The new design comes with some great perks, too. Running the same Helm chart we give to you both means that we get to really put it through its paces, and that we get to minimize our own engineering overhead of maintaining multiple deployment models. While there are some elements that are different between self-managed installs and our managed cloud service – ingress and load balancing in particular – the differences are small, and the essence of operating Materialize is the same.
The future is flexible
Today’s infrastructure is as varied as ever, from in-house on-prem deployments, to cloud-only deployments, to everything in between; there is no one size fits all. Our prospects have made it clear that Materialize solves their real-world problems of making fresh, transformed data available throughout their organization no matter the shape of their infrastructure, and that underscores how we at Materialize need to meet them where their data is.
For this, we needed Materialize to become flexible in where it is deployed – and so we built out our self-managed product and teased apart that crucial dividing line between our control plane and data plane.

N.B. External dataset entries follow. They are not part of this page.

(* The following rules are sound, i.e. for every instance, if all premisses are valid then the conclusion is valid ($\Gamma,\Delta$ arbitrary finite multisets of compound diagrams): (a) for a pure Euler diagram $d=(L,Z)$ such that every $z\in M(d)$ has some $\ell\in L$ with $\mathrm{adj}(z,\ell)\in M(d)$, and $\{c_1,\dots,c_k\}\subseteq L$ the maximal set of contours with $M(d\setminus c_i)\neq\emptyset$: $(\mathrm{red}L)$ from $d\setminus c_1,\dots,d\setminus c_k,\Gamma\Rightarrow\Delta$ infer $d,\Gamma\Rightarrow\Delta$; $(\mathrm{red}R)$ from $\Gamma\Rightarrow\Delta,d\setminus c_i$ for all $1\le i\le k$ infer $\Gamma\Rightarrow\Delta,d$; (b) for a pure Euler diagram $d=(L,Z)$ with $|M(d)|>1$ and pure Euler diagrams $d_1=(L,Z_1)$, $d_2=(L,Z_2)$ with $Z_1\cap Z_2=Z$: $(\mathrm{mzsep}L)$ from $d_1,d_2,\Gamma\Rightarrow\Delta$ infer $d,\Gamma\Rightarrow\Delta$; $(\mathrm{mzsep}R)$ from $\Gamma\Rightarrow\Delta,d_1$ and $\Gamma\Rightarrow\Delta,d_2$ infer $\Gamma\Rightarrow\Delta,d$; (c) for a pure Euler diagram $d$ with $M(d)=\{z\}$, $z=(\{n_1,\dots,n_k\},\{o_1,\dots,o_l\})$: $(\mathrm{impdec}L)$ from $d,\Gamma\Rightarrow P_{n_i}$ for all $1\le i\le k$ and $P_{o_j},\Gamma\Rightarrow\Delta$ for all $1\le j\le l$ infer $d,\Gamma\Rightarrow\Delta$; $(\mathrm{impdec}R)$ from $P_{n_1},\dots,P_{n_k},\Gamma\Rightarrow P_{o_1},\dots,P_{o_l}$ infer $\Gamma\Rightarrow\Delta,d$.
   Context: Fix a countably infinite set $\mathcal V$ of propositional variables. A Heyting algebra $(H,\vee,\wedge,\to,0,1)$ is a bounded distributive lattice with a binary operation $\to$ such that $c\wedge a\le b\iff c\le a\to b$; $-a:=a\to0$; empty meets are $1$, empty joins $0$. A valuation is a map $v:\mathcal V\to H$. For a finite $L\subset\mathcal V$, a zone over $L$ is a pair $z=(\mathrm{in}(z),\mathrm{out}(z))$ of disjoint subsets of $L$ with union $L$; $\mathcal Z(L)$ is the set of all zones over $L$; $v(z)=\bigwedge_{c\in\mathrm{in}(z)}v(c)\wedge\bigwedge_{c\in\mathrm{out}(z)}-v(c)$ and $m_v(z)=\big(\bigwedge_{c\in\mathrm{in}(z)}v(c)\big)\to\big(\bigvee_{c\in\mathrm{out}(z)}v(c)\big)$. Unitary diagrams are of three kinds: Venn diagrams $d=(L,\mathcal Z(L),S)$, $S\subseteq\mathcal Z(L)$ shaded, $[\![d]\!]_v=\bigvee_{z\in S}v(z)$; pure Euler diagrams $d=(L,Z)$, $Z\subseteq\mathcal Z(L)$ visible zones, missing zones $M(d)=\mathcal Z(L)\setminus Z$, $[\![d]\!]_v=\bigwedge_{z\in M(d)}m_v(z)$; Euler–Venn diagrams $d=(L,Z,S)$, $S\subseteq Z\subseteq\mathcal Z(L)$, $[\![d]\!]_v=[\![(L,Z)]\!]_v\to[\![(L,\mathcal Z(L),S)]\!]_v$. Positive literal $P_c=(\{c\},\mathcal Z(\{c\}),\{(\{c\},\emptyset)\})$ (a Venn diagram). Compound diagrams are built from unitary ones with $\wedge,\vee,\to$, interpreted by meet, join and Heyting implication. For $c\in L$, $\mathrm{adj}(z,c)$ is the zone obtained from $z$ by moving $c$ from $\mathrm{out}(z)$ to $\mathrm{in}(z)$ or vice versa. Reduction: $z\setminus c=(\mathrm{in}(z)\setminus\{c\},\mathrm{out}(z)\setminus\{c\})$; for pure Euler $d=(L,Z)$, $d\setminus c=(L\setminus\{c\},\{z\setminus c:z\in Z\})$. A sequent $\Gamma\Rightarrow\Delta$ (finite multisets of compound diagrams) is valid iff for every Heyting algebra and valuation $v$, $\bigwedge_{D\in\Gamma}[\![D]\!]_v\le\bigvee_{E\in\Delta}[\![E]\!]_v$. *)

From HB Require Import structures.
From mathcomp Require Import all_boot.
From mathcomp Require Import finmap.
Set Implicit Arguments. Unset Strict Implicit. Unset Printing Implicit Defensive.
Local Open Scope fset_scope.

While this work has given us the flexibility our customers need today, we’re also very excited about how it gives us flexibility going forward. Our new control vs data plane dividing line challenges us to consider each new architectural change under the lens of how it impacts each deployment model. It makes us set good boundaries.
We now test self-managed installations in multiple cloud providers every night in our CI suite, and we are working on more. We are actively building out support for more blob storage backends. We are working with our Early Access users and improving the experience every day.
All of this work turns into a rising tide – by focusing on flexibility, we were able to improve our managed cloud service, deliver a self-managed product, and open up doors to hybrid models like bring-your-own-cloud in the future.
info
A note from the author
As an engineer, I feel lucky to work at Materialize. I find the underlying technology incredibly cool, and it really feels like a hitherto missing element of the data infrastructure landscape.
A huge part of my motivation in building Materialize is having seen and experienced this missing element firsthand. In a past life, I worked on customer data segmentation, which when you zoom out, looks very much like maintaining a lot of domain-specific real-time materialized views. It’s a really, really hard problem. We had access to transactional databases, message brokers, caches, search indices, and data warehouses, but none of them could directly solve our problem. Instead, we staffed a large, expensive team and did our best to glue these data stores together with reams of complex application logic, all while wishing we had a database that could just do it for us.
Materialize fills that gap. And it’s fun getting to work on a database that challenges assumptions about what is possible in a database – wait, can I really write and index arbitrary SQL to transform and join over all my data? Even if the data came from different databases? And if my logic needs lots of joins? With strong consistency? And the results are always fresh and up-to-date? Yes, yes, yes, yes, yes.
It’s been an interesting puzzle to build self-managed Materialize in and of itself, but what I’m really excited about is how this opens up the technology to a wider range of users. Now, the vast majority of users who could benefit from Materialize - regardless of their strict GRC requirements, or specific cloud provider and region needs - can experience this powerful technology however works best for them: in our managed cloud service, or in our self-managed product. The choice, and the real-time data transformation, is yours.